Work to complete
After finding the line with "Inductive term : Type" in the data below, set down exactly each line through the one with "mR : U -> U -> Prop;", inclusive, and stop there.

Data to use

▽

(* Let $G$ be a simple connected graph with $n$ vertices and $m$ edges, let $k\ge1$ be an integer, and let $S_{2k}(G)$ be the $2k$-parallel subdivision graph of $G$. If $\zeta\notin\{\frac12,\frac32\}$ is an eigenvalue of $\mathscr{L}(S_{2k}(G))$, then $\zeta(4\zeta^2-12\zeta+9)$ is an eigenvalue of $\mathscr{L}(G)$, and its multiplicity is the same as that of $\zeta$.
   Context: For a graph $H$ with adjacency matrix $A(H)$ and diagonal degree matrix $D(H)$ (no isolated vertices), the normalized Laplacian is $\mathscr{L}(H)=I-D(H)^{-1/2}A(H)D(H)^{-1/2}$. The $2k$-parallel subdivision graph $S_{2k}(G)$ is obtained from $G$ by replacing each edge $uv$ of $G$ by $k$ internally disjoint paths $u-w_1-w_2-v$ of length $3$ (each with its own two new internal vertices). *)

From HB Require Import structures.
From mathcomp Require Import all_boot all_order all_algebra.
Set Implicit Arguments. Unset Strict Implicit. Unset Printing Implicit Defensive.
Import Order.TTheory GRing.Theory Num.Theory.
Local Open Scope ring_scope.

(* A simple graph on a finite vertex type T is a symmetric irreflexive
   relation r : rel T.  Matrices are indexed by 'I_#|T| via enum_val. *)

Section NormLap.
Variable R : rcfType.
Variable T : finType.
Variable r : rel T.

Definition gdeg (x : T) : nat := #|[set y | r x y]|.

Definition adjmx : 'M[R]_#|T| :=
  \matrix_(i, j) (r (enum_val i) (enum_val j))%:R.

Definition degmx_invsqrt : 'M[R]_#|T| :=
  diag_mx (\row_i (Num.sqrt ((gdeg (enum_val i))%:R : R))^-1).

Definition nlap : 'M[R]_#|T| :=
  1%:M - degmx_invsqrt *m adjmx *m degmx_invsqrt.
End NormLap.

(* New (internal) vertices are pairs (d, i) where d = (u, v) is an ORIENTED
   edge (e u v) and i : 'I_k.  For each unordered edge {u,v} and each i < k,
   the path  u - w_{(u,v),i} - w_{(v,u),i} - v  is added; thus each edge is
   replaced by k internally disjoint paths of length 3 with two fresh
   internal vertices each. *)
Definition sdv_int (V : finType) (e : rel V) (k : nat) : finType :=
  ({d : V * V | e d.1 d.2} * 'I_k)%type.

Definition sdv_vert (V : finType) (e : rel V) (k : nat) : finType :=
  (V + sdv_int e k)%type.

Definition sdv_adj (V : finType) (e : rel V) (k : nat) : rel (sdv_vert e k) :=
  fun x y =>
    match x, y with
    | inl u, inl v => false
    | inl u, inr w => (val w.1).1 == u
    | inr w, inl u => (val w.1).1 == u
    | inr w1, inr w2 =>
        [&& w1.2 == w2.2, (val w2.1).1 == (val w1.1).2
          & (val w2.1).2 == (val w1.1).1]
    end.

From HB Require Import structures.
From mathcomp Require Import all_boot all_order all_algebra.
From mathcomp Require Import ring.
Set Implicit Arguments. Unset Strict Implicit. Unset Printing Implicit Defensive.
Import Order.TTheory GRing.Theory Num.Theory.
Local Open Scope ring_scope.

(* Put y = D^-1/2 x: x is a zeta-eigenvector of L(H) iff y is an eigenfunction
   of the random walk, sum_(s ~ t) y s = mu * deg t * y t, with mu = 1 - zeta.
   On S_2k(G) the two inner vertices w, w' of a path u - w - w' - v satisfy
   2 mu y w = y u + y w' and 2 mu y w' = y v + y w, so when 4 mu^2 <> 1
   (i.e. zeta <> 1/2, 3/2) y w = (2 mu y u + y v) / (4 mu^2 - 1).  Summing
   at u shows that y restricted to V is a walk eigenfunction of G for the
   Chebyshev value T_3(mu) = 4 mu^3 - 3 mu, and 1 - T_3(1 - zeta) is
   zeta (4 zeta^2 - 12 zeta + 9).  Restriction and the extension above are
   inverse linear maps between the two eigenspaces. *)

Lemma sumr_delta_r (R : pzSemiRingType) (T : finType) (a : T) (g : T -> R) :
  \sum_t g t * (t == a)%:R = g a.
Proof.
rewrite (bigD1 a) //= eqxx mulr1 big1 ?addr0 // => t /negbTE ->.
by rewrite mulr0.
Qed.
(* Let $\Theta$ be given, let $M_1,M_2$ be $\omega$-saturated $\Theta$-models, let $x$ be a variable, and let $t\in U_1$, $t'\in U_2$ satisfy $tp_x(M_1,t)\subseteq tp_x(M_2,t')$. Define $A=\{\langle a,b\rangle:\exists i,j\,(\{i,j\}=\{1,2\},\ a\in U_i,\ b\in U_j,\ tp_x(M_i,a)\subseteq tp_x(M_j,b))\}$ and $B=\{\langle a,b\rangle:\exists i,j\,(\{i,j\}=\{1,2\},\ a\in U_i,\ b\in U_j,\ imp_x(M_i,a)\supseteq imp_x(M_j,b))\}$. Then $(A,B)$ is a $(2,2)$-modal $\langle(M_1,t),(M_2,t')\rangle$-asimulation.
   Context: Correspondence language: classical first-order logic without identity over $\Sigma=\{R,R_\Box,R_\Diamond,P_1,P_2,\dots\}$ ($R,R_\Box,R_\Diamond$ binary, $P_n$ unary). $\Theta$ is a subset of $\Sigma$ containing $R,R_\Box,R_\Diamond$; $\Theta$-models $M_k=\langle U_k,\iota_k\rangle$, with $R_k=\iota_k(R)$, $R_{\Box k}=\iota_k(R_\Box)$, $R_{\Diamond k}=\iota_k(R_\Diamond)$. $M,a\models\varphi(x)$ means $\varphi$ holds in $M$ under assignments sending $x$ to $a$; $a\models_k\varphi(x)$ abbreviates $M_k,a\models\varphi(x)$. $s\overset{\leftrightarrow}{A}t$ means $sAt$ and $tAs$. Modal intuitionistic formulas: built from $p_n,\bot$ with $\wedge,\vee,\to,\Box,\Diamond$. $ST_{22}(p_n,x)=P_n(x)$, $ST_{22}(\bot,x)=\bot$, commutes with $\wedge,\vee$; $ST_{22}(I\to J,x)=\forall y(R(x,y)\to(ST_{22}(I,y)\to ST_{22}(J,y)))$; $ST_{22}(\Box I,x)=\forall y(R(x,y)\to\forall z(R_\Box(y,z)\to ST_{22}(I,z)))$; $ST_{22}(\Diamond I,x)=\forall y(R(x,y)\to\exists z(R_\Diamond(y,z)\wedge ST_{22}(I,z)))$. $int_x(\Theta)$ is the set of all $\Theta$-formulas of the form $ST_{22}(I,x)$ with $I$ modal intuitionistic. For a $\Theta$-model $M$ and $t\in U$: $tp_x(M,t)=\{\varphi\in int_x(\Theta):M,t\models\varphi\}$, $\overline{tp}_x(M,t)=\{\varphi\in int_x(\Theta):M,t\not\models\varphi\}$, and $imp_x(M,t)=\bigcap\{\overline{tp}_x(M,u):\iota(R_\Diamond)(t,u)\}$. $\omega$-saturation: for $\bar a_n\in U$, $[M,\bar a_n]$ is the expansion of $M$ by new constants for $\bar a_n$ interpreted as themselves. $M$ is $\omega$-saturated iff for all $k,n$ and all $\bar a_n\in U$, every set of formulas $\Gamma(\bar w_k)$ (in the expanded language, free variables among $\bar w_k$) consistent with the set of all sentences true in $[M,\bar a_n]$ is satisfiable in $[M,\bar a_n]$. A $(2,2)$-modal $\langle(M_1,t),(M_2,u)\rangle$-asimulation is a pair $(A,B)$ with $A,B\subseteq(U_1\times U_2)\cup(U_2\times U_1)$ such that $tAu$ and, for all $i,j\in\{1,2\}$, $a,c,e\in U_i$, $b,d,f\in U_j$, unary $P\in\Theta$: if $aAb$ and $a\models_iP(x)$ then $b\models_jP(x)$; if $aAb$, $bR_jd$ then some $c\in U_i$ has $aR_ic$ and $c\overset{\leftrightarrow}{A}d$; if $aAb$, $bR_jd$, $dR_{\Box j}f$ then some $c,e\in U_i$ have $aR_ic$, $cR_{\Box i}e$, $eAf$; if $aAb$, $bR_jd$ then some $c\in U_i$ has $aR_ic$ and $cBd$; if $aBb$, $aR_{\Diamond i}c$ then some $d\in U_j$ has $bR_{\Diamond j}d$ and $cAd$. *)

From Stdlib Require Import Arith.

(* Theta is determined by the set [theta] of indices n with P_n in Theta;
   R, R_Box, R_Diamond are always in Theta. *)

Inductive term : Type :=
| TVar (v : nat)
| TConst (k : nat).   (* new constant c_k (for the expansions [M, a_n]) *)

Inductive rel : Type := RelR | RelBox | RelDia.

Inductive form : Type :=
| FBot
| FPred (n : nat) (t : term)
| FRel (r : rel) (t1 t2 : term)
| FNot (f : form)
| FAnd (f g : form)
| FOr (f g : form)
| FImp (f g : form)
| FAll (v : nat) (f : form)
| FEx (v : nat) (f : form).

(* Theta-model: nonempty universe; interpretations of R, R_Box, R_Dia and of
   the unary predicates (only those with [theta n] are ever consulted). *)
Record model : Type := Model {
  U : Type;
  inh : U;
  mR : U -> U -> Prop;
  mRB : U -> U -> Prop;
  mRD : U -> U -> Prop;
  mP : nat -> U -> Prop
}.

Definition upd {A : Type} (s : nat -> A) (v : nat) (a : A) : nat -> A :=
  fun w => if Nat.eqb w v then a else s w.

Definition eval_term (M : model) (c s : nat -> U M) (t : term) : U M :=
  match t with TVar v => s v | TConst k => c k end.

Definition interp_rel (M : model) (r : rel) : U M -> U M -> Prop :=
  match r with RelR => mR M | RelBox => mRB M | RelDia => mRD M end.

Fixpoint sat (M : model) (c s : nat -> U M) (f : form) : Prop :=
  match f with
  | FBot => False
  | FPred n t => mP M n (eval_term M c s t)
  | FRel r t1 t2 => interp_rel M r (eval_term M c s t1) (eval_term M c s t2)
  | FNot g => ~ sat M c s g
  | FAnd g h => sat M c s g /\ sat M c s h
  | FOr g h => sat M c s g \/ sat M c s h
  | FImp g h => sat M c s g -> sat M c s h
  | FAll v g => forall a : U M, sat M c (upd s v a) g
  | FEx v g => exists a : U M, sat M c (upd s v a) g
  end.

Definition term_ok (nc : nat) (t : term) : Prop :=
  match t with TVar _ => True | TConst k => k < nc end.

(* f is a formula of the language Theta expanded by the constants c_0..c_{nc-1} *)
Fixpoint wf (theta : nat -> Prop) (nc : nat) (f : form) : Prop :=
  match f with
  | FBot => True
  | FPred n t => theta n /\ term_ok nc t
  | FRel _ t1 t2 => term_ok nc t1 /\ term_ok nc t2
  | FNot g => wf theta nc g
  | FAnd g h | FOr g h | FImp g h => wf theta nc g /\ wf theta nc h
  | FAll _ g | FEx _ g => wf theta nc g
  end.

Definition term_has_var (t : term) (v : nat) : Prop :=
  match t with TVar w => w = v | TConst _ => False end.

Fixpoint free (f : form) (v : nat) : Prop :=
  match f with
  | FBot => False
  | FPred _ t => term_has_var t v
  | FRel _ t1 t2 => term_has_var t1 v \/ term_has_var t2 v
  | FNot g => free g v
  | FAnd g h | FOr g h | FImp g h => free g v \/ free h v
  | FAll w g | FEx w g => w <> v /\ free g v
  end.

Definition sentence (f : form) : Prop := forall v, ~ free f v.

(* Gamma (with free variables among w_0..w_{k-1}) is consistent with the set of
   all sentences true in [M, a_n]: some structure for the expanded language
   satisfies Th([M,a_n]) together with Gamma (semantic consistency; equivalent
   to syntactic consistency by completeness). *)
Definition consistent_with_theory (theta : nat -> Prop) (M : model) (n : nat)
    (abar : nat -> U M) (Gamma : form -> Prop) : Prop :=
  exists (N : model) (cN sN : nat -> U N),
    (forall psi, wf theta n psi -> sentence psi ->
        sat M abar (fun _ => inh M) psi -> sat N cN sN psi) /\
    (forall phi, Gamma phi -> sat N cN sN phi).

Definition omega_saturated (theta : nat -> Prop) (M : model) : Prop :=
  forall (k n : nat) (abar : nat -> U M) (Gamma : form -> Prop),
    (forall phi, Gamma phi -> wf theta n phi /\ (forall v, free phi v -> v < k)) ->
    consistent_with_theory theta M n abar Gamma ->
    exists s : nat -> U M, forall phi, Gamma phi -> sat M abar s phi.

Inductive mform : Type :=
| MVar (n : nat)
| MBot
| MAnd (I J : mform)
| MOr (I J : mform)
| MImp (I J : mform)
| MBox (I : mform)
| MDia (I : mform).

(* standard translation; the bound variables y, z are x+1, x+2
   (all bound variables of ST22 I x are > x, so no capture occurs) *)
Fixpoint ST22 (I : mform) (x : nat) : form :=
  match I with
  | MVar n => FPred n (TVar x)
  | MBot => FBot
  | MAnd I1 J1 => FAnd (ST22 I1 x) (ST22 J1 x)
  | MOr I1 J1 => FOr (ST22 I1 x) (ST22 J1 x)
  | MImp I1 J1 =>
      FAll (S x) (FImp (FRel RelR (TVar x) (TVar (S x)))
                       (FImp (ST22 I1 (S x)) (ST22 J1 (S x))))
  | MBox I1 =>
      FAll (S x) (FImp (FRel RelR (TVar x) (TVar (S x)))
        (FAll (S (S x)) (FImp (FRel RelBox (TVar (S x)) (TVar (S (S x))))
                              (ST22 I1 (S (S x))))))
  | MDia I1 =>
      FAll (S x) (FImp (FRel RelR (TVar x) (TVar (S x)))
        (FEx (S (S x)) (FAnd (FRel RelDia (TVar (S x)) (TVar (S (S x))))
                             (ST22 I1 (S (S x))))))
  end.

Definition in_int (theta : nat -> Prop) (x : nat) (phi : form) : Prop :=
  (exists I : mform, phi = ST22 I x) /\ wf theta 0 phi.

Definition holds (M : model) (x : nat) (a : U M) (phi : form) : Prop :=
  forall s : nat -> U M, s x = a -> sat M (fun _ => inh M) s phi.

Definition tp (theta : nat -> Prop) (x : nat) (M : model) (t : U M) (phi : form) : Prop :=
  in_int theta x phi /\ holds M x t phi.

Definition ntp (theta : nat -> Prop) (x : nat) (M : model) (t : U M) (phi : form) : Prop :=
  in_int theta x phi /\ ~ holds M x t phi.

(* imp_x(M,t) = intersection of ntp(M,u) over R_Dia-successors u of t
   (taken inside int_x(Theta), so it is int_x(Theta) when t has none) *)
Definition imp (theta : nat -> Prop) (x : nat) (M : model) (t : U M) (phi : form) : Prop :=
  in_int theta x phi /\ (forall u : U M, mRD M t u -> ntp theta x M u phi).

(* points of U_1 and U_2 are tagged: true = model 1, false = model 2 *)
Definition pick (M1 M2 : model) (b : bool) : model := if b then M1 else M2.
Definition elt (M1 M2 : model) : Type := {b : bool & U (pick M1 M2 b)}.

Definition mk {M1 M2 : model} (b : bool) (a : U (pick M1 M2 b)) : elt M1 M2 :=
  existT (fun b => U (pick M1 M2 b)) b a.

Definition asimulation22 (theta : nat -> Prop) (M1 M2 : model) (t : U M1) (u : U M2)
    (A B : elt M1 M2 -> elt M1 M2 -> Prop) : Prop :=
  (* A, B are subsets of (U1 x U2) u (U2 x U1) *)
  (forall p q, A p q -> projT1 p <> projT1 q) /\
  (forall p q, B p q -> projT1 p <> projT1 q) /\
  A (@mk M1 M2 true t) (@mk M1 M2 false u) /\
  (forall (i j : bool) (a : U (pick M1 M2 i)) (b : U (pick M1 M2 j)),
     A (mk i a) (mk j b) ->
     forall n, theta n -> mP (pick M1 M2 i) n a -> mP (pick M1 M2 j) n b) /\
  (forall (i j : bool) (a : U (pick M1 M2 i)) (b d : U (pick M1 M2 j)),
     A (mk i a) (mk j b) -> mR _ b d ->
     exists c : U (pick M1 M2 i), mR _ a c /\ A (mk i c) (mk j d) /\ A (mk j d) (mk i c)) /\
  (forall (i j : bool) (a : U (pick M1 M2 i)) (b d f : U (pick M1 M2 j)),
     A (mk i a) (mk j b) -> mR _ b d -> mRB _ d f ->
     exists c e : U (pick M1 M2 i), mR _ a c /\ mRB _ c e /\ A (mk i e) (mk j f)) /\
  (forall (i j : bool) (a : U (pick M1 M2 i)) (b d : U (pick M1 M2 j)),
     A (mk i a) (mk j b) -> mR _ b d ->
     exists c : U (pick M1 M2 i), mR _ a c /\ B (mk i c) (mk j d)) /\
  (forall (i j : bool) (a c : U (pick M1 M2 i)) (b : U (pick M1 M2 j)),
     B (mk i a) (mk j b) -> mRD _ a c ->
     exists d : U (pick M1 M2 j), mRD _ b d /\ A (mk i c) (mk j d)).

Definition A_tp (theta : nat -> Prop) (x : nat) (M1 M2 : model)
    (p q : elt M1 M2) : Prop :=
  projT1 p <> projT1 q /\
  (forall phi, tp theta x (pick M1 M2 (projT1 p)) (projT2 p) phi ->
               tp theta x (pick M1 M2 (projT1 q)) (projT2 q) phi).

Definition B_imp (theta : nat -> Prop) (x : nat) (M1 M2 : model)
    (p q : elt M1 M2) : Prop :=
  projT1 p <> projT1 q /\
  (forall phi, imp theta x (pick M1 M2 (projT1 q)) (projT2 q) phi ->
               imp theta x (pick M1 M2 (projT1 p)) (projT2 p) phi).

△

Answer for the task
Inductive term : Type :=
| TVar (v : nat)
| TConst (k : nat).   (* new constant c_k (for the expansions [M, a_n]) *)

Inductive rel : Type := RelR | RelBox | RelDia.

Inductive form : Type :=
| FBot
| FPred (n : nat) (t : term)
| FRel (r : rel) (t1 t2 : term)
| FNot (f : form)
| FAnd (f g : form)
| FOr (f g : form)
| FImp (f g : form)
| FAll (v : nat) (f : form)
| FEx (v : nat) (f : form).

(* Theta-model: nonempty universe; interpretations of R, R_Box, R_Dia and of
   the unary predicates (only those with [theta n] are ever consulted). *)
Record model : Type := Model {
  U : Type;
  inh : U;
  mR : U -> U -> Prop;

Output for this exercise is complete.